Joan C. Williams, who has looked at work-life balance as a reform-minded scholar, offers her answer at Harvard Business Review. It's an important question for our profession because in private practice so much emphasis is placed on the total number of hours worked. I like that Williams acknowledges the impact of long hours on advancing in the elite circles of our profession. But I can't quite agree that those who work long hours are a "problem" or exhibit a false set of priorities. Williams writes:
This "long hours problem," analyzed so insightfully by Robin Ely and Irene Padavic, is a key reason why the percentage of women in top jobs has stalled at about 14 percent, a number that has barely budged in the past decade.

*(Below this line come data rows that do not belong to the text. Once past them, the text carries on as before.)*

(* Fix $i\in[n]$, arbitrary $\mathbf{b}_{-i}^{(1)},\dots,\mathbf{b}_{-i}^{(T)}\in B^{n-1}$, and formats $\mathcal{M}^{(1)},\dots,\mathcal{M}^{(T)}$ all satisfying allocation monotonicity. Suppose bidder $i$ uses $s_{i,\boldsymbol{\pi}^{(t)}}$ at each round $t$, for some quantile strategies $\boldsymbol{\pi}^{(t)}\in\Delta([K+1])$. Then \[ \max_{s\in\mathcal{S}}\sum_{t\in[T]}\big(u_i^{(t)}(s)-u_i^{(t)}(s_{i,\boldsymbol{\pi}^{(t)}})\big)=\max_{\boldsymbol{\pi}\in\Delta([K+1])}\sum_{t\in[T]}\big(q_i^{(t)}(\boldsymbol{\pi})-q_i^{(t)}(\boldsymbol{\pi}^{(t)})\big). \]
   Context: Bidder $i$'s value $v_i\in[0,1]$ is drawn from a continuous distribution $\mathcal{D}_i$ on $[0,1]$ with CDF $F_i$ and quantile function $F_i^{-1}(y):=\inf\{v\in[0,1]:F_i(v)\ge y\}$. The bid set is $B:=\{j/K:j=0,\dots,K\}$; $\mathcal{S}$ is the set of all functions $s:[0,1]\to B$. Auction formats $\mathcal{M}^{(t)}=(\mathbf{x}^{(t)},\mathbf{p}^{(t)})$, $\mathbf{x}^{(t)}:B^n\to\Delta([n])$ (nonnegative entries summing to at most 1), $\mathbf{p}^{(t)}:B^n\to[0,1]^n$. Allocation monotonicity: $x_i^{(t)}(b_i,\mathbf{b}_{-i})\le x_i^{(t)}(b_i',\mathbf{b}_{-i})$ whenever $b_i\le b_i'$. Utility: $u_i^{(t)}(s):=\mathbb{E}_{v_i\sim\mathcal{D}_i}[x_i^{(t)}(s(v_i),\mathbf{b}_{-i}^{(t)})v_i-p_i^{(t)}(s(v_i),\mathbf{b}_{-i}^{(t)})]$. Quantile strategies are $\boldsymbol{\pi}\in\Delta([K+1])$ (probability simplex); with $\Pi_0:=0$, $\Pi_j:=\sum_{\ell\le j}\pi_\ell$, the strategy $s_{i,\boldsymbol{\pi}}$ bids $0$ on $[0,F_i^{-1}(\Pi_1)]$ and $\frac{j-1}{K}$ on $(F_i^{-1}(\Pi_{j-1}),F_i^{-1}(\Pi_j)]$ for $j=2,\dots,K+1$. Quantile utility: $q_i^{(t)}(\boldsymbol{\pi}):=u_i^{(t)}(s_{i,\boldsymbol{\pi}})$. *)

From HB Require Import structures.
From mathcomp Require Import all_boot all_order all_algebra.
From mathcomp Require Import all_classical all_reals all_analysis.
Set Implicit Arguments. Unset Strict Implicit. Unset Printing Implicit Defensive.
Import Order.TTheory GRing.Theory Num.Theory.
Local Open Scope classical_set_scope.
Local Open Scope ring_scope.

(* Bids: the index j : 'I_K.+1 stands for the bid j/K in B = {0,1/K,...,1};
   the order on indices coincides with the order on bids. *)
Definition profile (n K : nat) := {ffun 'I_n -> 'I_K.+1}.

Definition upd (n K : nat) (b : profile n K) (j : 'I_n) (c : 'I_K.+1)
  : profile n K := [ffun k => if k == j then c else b k].

Definition is_format (R : realType) (n K : nat)
  (x p : profile n K -> 'I_n -> R) : Prop :=
  (forall b j, 0 <= x b j) /\ (forall b, \sum_(j < n) x b j <= 1) /\
  (forall b j, 0 <= p b j <= 1).

Definition alloc_monotone (R : realType) (n K : nat)
  (x : profile n K -> 'I_n -> R) : Prop :=
  forall (b : profile n K) (j : 'I_n) (c c' : 'I_K.+1),
    (c <= c')%N -> x (upd b j c) j <= x (upd b j c') j.

Definition cont_dist01 (R : realType) (P : probability R R) : Prop :=
  P `[0, 1]%classic = 1%E /\ (forall v : R, P [set v] = 0%E).

Definition cdf (R : realType) (P : probability R R) (v : R) : R :=
  fine (P [set w : R | w <= v]).

Definition quantile (R : realType) (P : probability R R) (y : R) : R :=
  inf [set v : R | 0 <= v <= 1 /\ y <= cdf P v].

(* A strategy s : [0,1] -> B (extended arbitrarily outside [0,1]); for the
   expectation to make sense we require measurability. *)
Definition strategy_measurable (R : realType) (K : nat) (s : R -> 'I_K.+1)
  : Prop := forall j : 'I_K.+1, measurable (s @^-1` [set j]).

Definition utility (R : realType) (n K : nat) (P : probability R R)
  (x p : profile n K -> 'I_n -> R) (i : 'I_n) (bmi : profile n K)
  (s : R -> 'I_K.+1) : R :=
  Rintegral P `[0, 1]%classic
    (fun v => x (upd bmi i (s v)) i * v - p (upd bmi i (s v)) i).

(* probability simplex Delta([K+1]); index l stands for pi_{l+1} *)
Definition simplex (R : realType) (K : nat) (pi : 'I_K.+1 -> R) : Prop :=
  (forall l, 0 <= pi l) /\ \sum_(l < K.+1) pi l = 1.

(* Pi_j = sum_{l <= j} pi_l  (paper indexing, j = 0..K+1) *)
Definition Pi (R : realType) (K : nat) (pi : 'I_K.+1 -> R) (j : nat) : R :=
  \sum_(l < K.+1 | (l < j)%N) pi l.

(* v lies in the interval on which s_{i,pi} bids j/K *)
Definition qinterval (R : realType) (K : nat) (P : probability R R)
  (pi : 'I_K.+1 -> R) (j : 'I_K.+1) (v : R) : bool :=
  if (j == 0 :> nat) then (0 <= v) && (v <= quantile P (Pi pi 1))
  else (quantile P (Pi pi j) < v) && (v <= quantile P (Pi pi j.+1)).

(* the quantile strategy s_{i,pi} (bid 0 wherever undefined by the paper) *)
Definition qstrat (R : realType) (K : nat) (P : probability R R)
  (pi : 'I_K.+1 -> R) (v : R) : 'I_K.+1 :=
  odflt ord0 [pick j : 'I_K.+1 | qinterval P pi j v].

Definition qutility (R : realType) (n K : nat) (P : probability R R)
  (x p : profile n K -> 'I_n -> R) (i : 'I_n) (bmi : profile n K)
  (pi : 'I_K.+1 -> R) : R :=
  utility P x p i bmi (qstrat P pi).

We can't expect progress when the fast track that leads to top jobs requires a time commitment that excludes most mothers — and by extension, most women. A recent study by Joni Hersch of Vanderbilt Law School found that the mothers most likely to enter the fast track — graduates of elite universities — are less likely to be working full time than mothers with less prestigious degrees. Only 45.3 percent of mothers who graduated from top-tier institutions — and only 34.8 percent of MBAs — have full-time jobs. Most aren't full-time homemakers: in addition to parenting, they typically have part-time jobs or community service roles. But you can bet your boots it's under-valued work that rarely, if ever, leads to positions of power.
We can't get mothers to work more hours. We've tried, and failed, for forty years. Mothers won't bite for a simple reason: if they work 55 hours a week, they will leave home at, say, 8:30 and return at 8:30 every day of the workweek, assuming an average commute time. Most moms have this one little hang-up: they want to see their children awake. Increasingly, many fathers do, too.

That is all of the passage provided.